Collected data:
(* Let $p\in(0,1)$, $\beta\in\mathbb{R}$, $l\ge1$ and $1\le n\le l$ be fixed, let $\theta=0$ and $\alpha=\frac{k}{3^n}$ with $k\in\{0,\dots,3^n-1\}$. There exist functions $\phi_{p,\beta,\frac{k}{3^n},0}$ and $\psi_{p,\beta,\frac{k}{3^n},0}$ such that $H^{(l)}_{p,\beta,\frac{k}{3^n},0}$ is spectrally similar to $\Delta^{(l-n)}_p$ with respect to $\phi_{p,\beta,\frac{k}{3^n},0}$ and $\psi_{p,\beta,\frac{k}{3^n},0}$.
   Context: For $x\in\mathbb{Z}_+\setminus\{0\}$ let $m(x)$ be the largest integer $m\ge0$ with $3^m\mid x$. For $x\ge1$ set $p(x,x-1)=1-p,\ p(x,x+1)=p$ if $3^{-m(x)}x\equiv1\pmod3$, and $p(x,x-1)=p,\ p(x,x+1)=1-p$ if $3^{-m(x)}x\equiv2\pmod3$. Let $V_l=\{0,1,\dots,3^l\}$. The operator $H^{(l)}_{p,\beta,\alpha,\theta}$ acts on $f:V_l\to\mathbb{C}$ by $(H^{(l)}f)(0)=\beta\cos(\theta)f(0)-f(1)$, $(H^{(l)}f)(3^l)=\beta\cos(2\pi\alpha3^l+\theta)f(3^l)-f(3^l-1)$, and for $1\le x\le3^l-1$: $(H^{(l)}f)(x)=\beta\cos(2\pi\alpha x+\theta)f(x)-p(x,x-1)f(x-1)-p(x,x+1)f(x+1)$. The Laplacian $\Delta^{(j)}_p$ on $V_j$ is $(\Delta^{(j)}_pf)(0)=f(0)-f(1)$, $(\Delta^{(j)}_pf)(x)=f(x)-p(x,x-1)f(x-1)-p(x,x+1)f(x+1)$ for $1\le x\le3^j-1$, $(\Delta^{(j)}_pf)(3^j)=f(3^j)-f(3^j-1)$. Spectral similarity: given Hilbert spaces $\mathcal{H}_0,\mathcal{H}$, an isometry $U:\mathcal{H}_0\to\mathcal{H}$ and bounded operators $H$ on $\mathcal{H}$, $H_0$ on $\mathcal{H}_0$, $H$ is spectrally similar to $H_0$ with functions $\phi,\psi$ if $U^*(H-z)^{-1}U=(\phi(z)H_0-\psi(z))^{-1}$ for all $z\in\mathbb{C}$ for which both sides are defined. Here $\mathcal{H}=\mathbb{C}^{V_l}$, $\mathcal{H}_0=\mathrm{span}\{\delta_v: v\equiv0 \pmod{3^n}\}\subset\mathcal{H}$ identified with $\mathbb{C}^{V_{l-n}}$ via $v\mapsto v/3^n$, and $U$ is the inclusion. *)

From HB Require Import structures.
From mathcomp Require Import all_boot all_order all_algebra.
From mathcomp Require Import reals trigo.
From mathcomp Require Import complex.
Set Implicit Arguments. Unset Strict Implicit. Unset Printing Implicit Defensive.
Import Order.TTheory GRing.Theory Num.Theory ComplexField.
Local Open Scope ring_scope.
Local Open Scope complex_scope.

Section Defs.
Variable R : realType.

(* right-step probability at x >= 1: with m(x) = logn 3 x, the 3-free part
   x %/ 3^m(x) is 1 or 2 mod 3. *)
Definition pright (p : R) (x : nat) : R :=
  if ((x %/ 3 ^ logn 3 x) %% 3 == 1)%N then p else 1 - p.
Definition pleft (p : R) (x : nat) : R := 1 - pright p x.

Definition walk (p : R) (N x y : nat) : R :=
  if x == 0%N then (y == 1%N)%:R
  else if x == N then (y == N.-1)%:R
  else if y == x.+1 then pright p x
  else if y.+1 == x then pleft p x
  else 0.

Definition Hop (p beta alpha theta : R) (l : nat) : 'M[R[i]]_((3 ^ l).+1) :=
  \matrix_(i, j)
    ((if i == j then beta * cos (2 * pi * alpha * (i : nat)%:R + theta) else 0)
     - walk p (3 ^ l) i j)%:C.

Definition Lap (p : R) (j : nat) : 'M[R[i]]_((3 ^ j).+1) :=
  \matrix_(x, y) ((x == y)%:R - walk p (3 ^ j) x y)%:C.

Definition incl (l n : nat) : 'M[R[i]]_((3 ^ l).+1, (3 ^ (l - n)).+1) :=
  \matrix_(x, y) ((x : nat) == 3 ^ n * y)%N%:R.

(* Spectral similarity (partial functions phi, psi given as option-valued):
   U^* (H - z)^{-1} U = (phi(z) H0 - psi(z))^{-1} whenever both sides are defined. *)
Definition spectrally_similar (m k : nat) (U : 'M[R[i]]_(m, k))
  (H : 'M[R[i]]_m) (H0 : 'M[R[i]]_k) (phi psi : R[i] -> option R[i]) : Prop :=
  forall (z a b : R[i]), phi z = Some a -> psi z = Some b ->
    (H - z%:M) \in unitmx -> (a *: H0 - b%:M) \in unitmx ->
    (map_mx conjc U)^T *m invmx (H - z%:M) *m U = invmx (a *: H0 - b%:M).

End Defs.

(* Since alpha = k/3^n, the potential x |-> beta cos(2 pi alpha x) is periodic
   mod 3^n and invariant under x |-> 3^n - x.  Off the multiples of 3^n the
   transition probabilities share these symmetries (the reflection exchanging
   p(x,x+1) and p(x,x-1)), while at 3^n q they are those of q in the coarse walk.
   Let u solve the Dirichlet problem (H - z) u = 0 on the cell (0, 3^n) with
   u(0) = 1, u(3^n) = 0; this is possible unless z is an eigenvalue of a fixed
   matrix.  The tent functions X_y(x) = u(|x - 3^n y|) satisfy (H - z) X_y = 0
   off the coarse grid, and on it (H - z) X_y is column y of phi(z) Delta - psi(z)
   with phi(z) = u(3^n - 1) and psi(z) = phi(z) - beta + z + u(1).  As U^* X = 1,
   (H - z) X = U (phi Delta - psi) yields U^* (H - z)^-1 U = (phi Delta - psi)^-1. *)

From mathcomp Require Import all_boot all_order all_algebra.
From mathcomp Require Import reals trigo.
From mathcomp Require Import complex.
From mathcomp Require Import zify ring.
Import GRing.Theory Num.Theory ComplexField.
Local Open Scope ring_scope.
Local Open Scope complex_scope.

Lemma sumr_ord_eqn {C : pzSemiRingType} m x (F : nat -> C) :
  \sum_(j < m) ((j : nat) == x)%:R * F j = (x < m)%:R * F x.
Proof.
rewrite (bigID (fun j : 'I_m => (j : nat) == x)) /=.
rewrite [X in _ + X]big1 => [|j /negbTE ->]; last by rewrite mul0r.
rewrite addr0 (eq_bigr (fun j : 'I_m => F j)) => [|j /eqP ->]; last by rewrite eqxx mul1r.
by rewrite big_ord1_eq; case: ltnP; rewrite ?mul1r ?mul0r.
Qed.

Lemma sum_tridiag (C : comPzRingType) m x (c a b : C) (f : nat -> C) :
  \sum_(y < m) (((y : nat) == x)%:R * c + ((y : nat) == x.+1)%:R * a
                + ((y : nat) == x.-1)%:R * b) * f y =
  (x < m)%:R * (c * f x) + (x.+1 < m)%:R * (a * f x.+1)
  + (x.-1 < m)%:R * (b * f x.-1).
Proof.
rewrite -(sumr_ord_eqn m x (fun y => c * f y)).
rewrite -(sumr_ord_eqn m x.+1 (fun y => a * f y)).
rewrite -(sumr_ord_eqn m x.-1 (fun y => b * f y)) -!big_split /=.
by apply: eq_bigr => y _; ring.
Qed.

Lemma compression_invmx {C : comUnitRingType} {m k : nat} {U : 'M[C]_(m, k)}
    {V : 'M[C]_(k, m)} {H : 'M[C]_m} {X : 'M[C]_(m, k)} {Y : 'M[C]_k} :
  V *m X = 1%:M -> H *m X = U *m Y -> H \in unitmx ->
  Y \in unitmx /\ V *m invmx H *m U = invmx Y.
Proof.
move=> VX1 HXUY Hu.
have VHUY : V *m invmx H *m U *m Y = 1%:M by rewrite -!mulmxA -HXUY mulKmx.
have [_ Yu] := mulmx1_unit VHUY.
by split=> //; rewrite -[LHS]mulmx1 -(mulmxV Yu) mulmxA VHUY mul1mx.
Qed.

Lemma eigenvalues_finite {F : decFieldType} {m : nat} (A : 'M[F]_m) :
  exists s : seq F, forall z, A - z%:M \notin unitmx -> z \in s.
Proof.
have [s [q [charA q_noroot]]] := dec_factor_theorem (char_poly A).
have q_neq0 : q != 0.
  apply: contraTneq (monic_neq0 (char_poly_monic A)) => q0.
  by rewrite charA q0 mul0r eqxx.
exists s => z; rewrite -row_free_unit -kermx_eq0 => nonunit.
have : root (char_poly A) z by rewrite -eigenvalue_root_char.
by rewrite charA rootM root_prod_XsubC (negbTE (q_noroot q_neq0 z)).
Qed.

Section RationalCosine.
Variable R : realType.

Lemma cos_ratpi_periodic (k N q r : nat) : (0 < N)%N ->
  cos (2 * pi * (k%:R / N%:R) * (N * q + r)%:R)
  = cos (2 * pi * (k%:R / N%:R) * r%:R) :> R.
Proof.
move=> N_gt0; rewrite -[RHS](periodicn (@cosD2pi R) (k * q)); congr cos.
rewrite -mulr_natr natrD !natrM mulr2n; field.
by rewrite pnatr_eq0 -lt0n.
Qed.

Lemma cos_ratpi_refl (k N s : nat) : (s <= N)%N ->
  cos (2 * pi * (k%:R / N%:R) * (N - s)%:R)
  = cos (2 * pi * (k%:R / N%:R) * s%:R) :> R.
Proof.
move=> sN; have [->|N_gt0] := posnP N; first by rewrite !invr0 !mulr0 !mul0r.
rewrite -[RHS]cosN -[RHS](periodicn (@cosD2pi R) k); congr cos.
rewrite -mulr_natr natrB // mulr2n; field.
by rewrite pnatr_eq0 -lt0n.
Qed.
End RationalCosine.

Lemma decomp_pfactor3 n r : (0 < r < 3 ^ n)%N ->
  exists m t c, [/\ r = (3 ^ m * t)%N, ~~ (3 %| t)%N,
                    (3 ^ n = 3 ^ m * (3 * c))%N & (t < 3 * c)%N].
Proof.
case/andP=> r_gt0 r_lt.
have [t co_t r_eq] := pfactor_coprime (isT : prime 3) r_gt0.
set m := logn 3 r in r_eq.
have t_gt0 : (0 < t)%N by move: r_gt0; rewrite r_eq muln_gt0 => /andP[].
have m_lt : (m < n)%N.
  rewrite -(ltn_exp2l _ _ (isT : (1 < 3)%N)) (leq_ltn_trans _ r_lt) //.
  by rewrite r_eq leq_pmull.
exists m, t, (3 ^ (n - m.+1))%N; rewrite -prime_coprime // mulnC -r_eq.
have n_eq : (3 ^ n = 3 ^ m * (3 * 3 ^ (n - m.+1)))%N.
  by rewrite mulnA -expnSr -expnD subnKC.
by split=> //; rewrite -(ltn_pmul2l (expn_gt0 3 m)) -n_eq mulnC -r_eq.
Qed.

Section Walk.
Context {R : realType} (p : R).

Lemma pright_pfactor m t : ~~ (3 %| t)%N ->
  pright p (3 ^ m * t) = if (t %% 3 == 1)%N then p else 1 - p.
Proof.
move=> t3; rewrite /pright mulnC logn_Gauss ?prime_coprime // pfactorK //.
by rewrite mulnK ?expn_gt0.
Qed.

Lemma pright_expnM n q : (0 < q)%N -> pright p (3 ^ n * q) = pright p q.
Proof.
move=> q_gt0; have [t co_t ->] := pfactor_coprime (isT : prime 3) q_gt0.
rewrite prime_coprime // in co_t.
by rewrite [(t * _)%N]mulnC mulnA -expnD !pright_pfactor.
Qed.

Lemma pright_expnD n q r : (0 < r < 3 ^ n)%N ->
  pright p (3 ^ n * q + r) = pright p r.
Proof.
move=> /decomp_pfactor3 [m [t [c [-> t3 n_eq _]]]].
have -> : (3 ^ n * q + 3 ^ m * t = 3 ^ m * (3 * (c * q) + t))%N.
  by rewrite n_eq mulnDr !mulnA.
have t3' : ~~ (3 %| 3 * (c * q) + t)%N by rewrite dvdn_addr ?dvdn_mulr.
by rewrite !pright_pfactor // -modnDm modnMr add0n modn_mod.
Qed.

Lemma pright_expnB n s : (0 < s < 3 ^ n)%N ->
  pright p (3 ^ n - s) = 1 - pright p s.
Proof.
move=> /decomp_pfactor3 [m [t [c [-> t3 n_eq t_lt]]]].
have -> : (3 ^ n - 3 ^ m * t = 3 ^ m * (3 * c - t))%N by rewrite n_eq mulnBr.
have e_lt : (t %% 3 < 3)%N by rewrite ltn_mod.
have e_neq0 : (t %% 3 != 0)%N by [].
have mod_refl : ((3 * c - t) %% 3 = 3 - t %% 3)%N.
  have -> : (3 * c - t = (c - t %/ 3).-1 * 3 + (3 - t %% 3))%N.
    move: (divn_eq t 3) t_lt e_lt e_neq0.
    by move: (t %/ 3)%N (t %% 3)%N => d e; lia.
  by rewrite modnMDl modn_small // ltn_subrL lt0n e_neq0.
have t3' : ~~ (3 %| 3 * c - t)%N by rewrite /dvdn mod_refl subn_eq0 -ltnNge.
rewrite !pright_pfactor // mod_refl.
by case: (t %% 3)%N e_lt e_neq0 => [|[|[|e]]] //= _ _; rewrite opprB addrC subrK.
Qed.

Lemma walk_split P x y : (0 < P)%N ->
  walk p P x y
  = (y == x.+1)%:R * walk p P x x.+1 + (y == x.-1)%:R * walk p P x x.-1.
Proof.
move=> P_gt0; rewrite /walk.
have [->|x_gt0] := posnP x; first by rewrite mulr1 mulr0 addr0.
have [->|xP] := eqVneq x P.
  have -> : (P.+1 == P.-1) = false by lia.
  by rewrite eqxx mulr0 add0r mulr1.
have -> : (x.-1 == x.+1) = false by lia.
have -> : (x.-1.+1 == x) by lia.
rewrite eqxx; case: (y =P x.+1) => [->|_].
  have -> : (x.+1 == x.-1) = false by lia.
  by rewrite /=; ring.
have -> : (y.+1 == x) = (y == x.-1) by lia.
by case: (y == x.-1) => /=; ring.
Qed.

Lemma walk_interior_r P x : (0 < x < P)%N -> walk p P x x.+1 = pright p x.
Proof.
case/andP=> x_gt0 xP; rewrite /walk (gtn_eqF x_gt0) (ltn_eqF xP).
by rewrite eqxx.
Qed.

Lemma walk_interior_l P x : (0 < x < P)%N -> walk p P x x.-1 = 1 - pright p x.
Proof.
case/andP=> x_gt0 xP; rewrite /walk (gtn_eqF x_gt0) (ltn_eqF xP).
have -> : (x.-1 == x.+1) = false by lia.
by rewrite prednK ?eqxx.
Qed.

Lemma walk_top_r P : (0 < P)%N -> walk p P P P.+1 = 0.
Proof.
move=> P_gt0; rewrite /walk (gtn_eqF P_gt0) eqxx.
by have -> : (P.+1 == P.-1) = false by lia.
Qed.

Lemma walk_top_l P : (0 < P)%N -> walk p P P P.-1 = 1.
Proof. by move=> P_gt0; rewrite /walk (gtn_eqF P_gt0) !eqxx. Qed.

Lemma walk_stochastic P x : (0 < P)%N -> (x <= P)%N ->
  walk p P x x.+1 + walk p P x x.-1 = 1.
Proof.
move=> P_gt0 xP; have [->|x_gt0] := posnP x; first by rewrite /walk /= addr0.
have [x_lt|->] : (x < P)%N \/ x = P by lia.
  by rewrite walk_interior_r ?walk_interior_l ?x_gt0 // addrC subrK.
by rewrite walk_top_r ?walk_top_l ?add0r.
Qed.

Lemma walk_expnM_r n K x : (0 < K)%N -> (x <= K)%N ->
  walk p (3 ^ n * K) (3 ^ n * x) (3 ^ n * x).+1 = walk p K x x.+1.
Proof.
move=> K_gt0 xK; have N_gt0 := expn_gt0 3 n.
have [->|x_gt0] := posnP x; first by rewrite muln0.
have [x_lt|->] : (x < K)%N \/ x = K by lia.
  rewrite !walk_interior_r ?pright_expnM ?x_gt0 ?x_lt //.
  by rewrite muln_gt0 N_gt0 x_gt0 ltn_pmul2l.
by rewrite !walk_top_r ?muln_gt0 ?N_gt0.
Qed.

Lemma walk_expnM_l n K x : (0 < K)%N -> (x <= K)%N ->
  walk p (3 ^ n * K) (3 ^ n * x) (3 ^ n * x).-1 = walk p K x x.-1.
Proof.
move=> K_gt0 xK; have N_gt0 := expn_gt0 3 n.
have [->|x_gt0] := posnP x; first by rewrite muln0.
have [x_lt|->] : (x < K)%N \/ x = K by lia.
  rewrite !walk_interior_l ?pright_expnM ?x_gt0 ?x_lt //.
  by rewrite muln_gt0 N_gt0 x_gt0 ltn_pmul2l.
by rewrite !walk_top_l ?muln_gt0 ?N_gt0.
Qed.
End Walk.

Section SpectralDecimation.
Variables (R : realType) (p beta : R) (l n k : nat).
Hypothesis n_le_l : (n <= l)%N.

Local Notation C := R[i].
Local Notation N := (3 ^ n)%N.
Local Notation K := (3 ^ (l - n))%N.
Local Notation L := (3 ^ l)%N.
Local Notation w P x y := (walk p P x y)%:C.
Local Notation Hm := (Hop p beta (k%:R / N%:R) 0 l).

Lemma N_gt0 : (0 < N)%N. Proof. by rewrite expn_gt0. Qed.
Lemma K_gt0 : (0 < K)%N. Proof. by rewrite expn_gt0. Qed.
Lemma L_gt0 : (0 < L)%N. Proof. by rewrite expn_gt0. Qed.

Lemma L_eq : L = (N * K)%N.
Proof. by rewrite -expnD subnKC. Qed.

Lemma N_le_L : (N <= L)%N.
Proof. by rewrite L_eq leq_pmulr ?K_gt0. Qed.

Definition potential (x : nat) : R := beta * cos (2 * pi * (k%:R / N%:R) * x%:R + 0).

Lemma potential_periodic q r : potential (N * q + r) = potential r.
Proof. by rewrite /potential !addr0 cos_ratpi_periodic ?N_gt0. Qed.

Lemma potential_refl s : (s <= N)%N -> potential (N - s) = potential s.
Proof. by move=> sN; rewrite /potential !addr0 cos_ratpi_refl. Qed.

Lemma potential_coarse q : potential (N * q) = beta.
Proof.
by rewrite -[(N * q)%N]addn0 potential_periodic /potential mulr0 addr0 cos0 mulr1.
Qed.

Definition Hz (z : C) (f : nat -> C) (x : nat) : C :=
  ((potential x)%:C - z) * f x - w L x x.+1 * f x.+1 - w L x x.-1 * f x.-1.

Lemma eq_Hz z f g x : f x.-1 = g x.-1 -> f x = g x -> f x.+1 = g x.+1 ->
  Hz z f x = Hz z g x.
Proof. by rewrite /Hz => -> -> ->. Qed.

### [YOUR TASK]
Across the entries above, count the lines with the word "periodicn" and report that count by itself.

### [ANSWER TO THIS PROBLEM]
2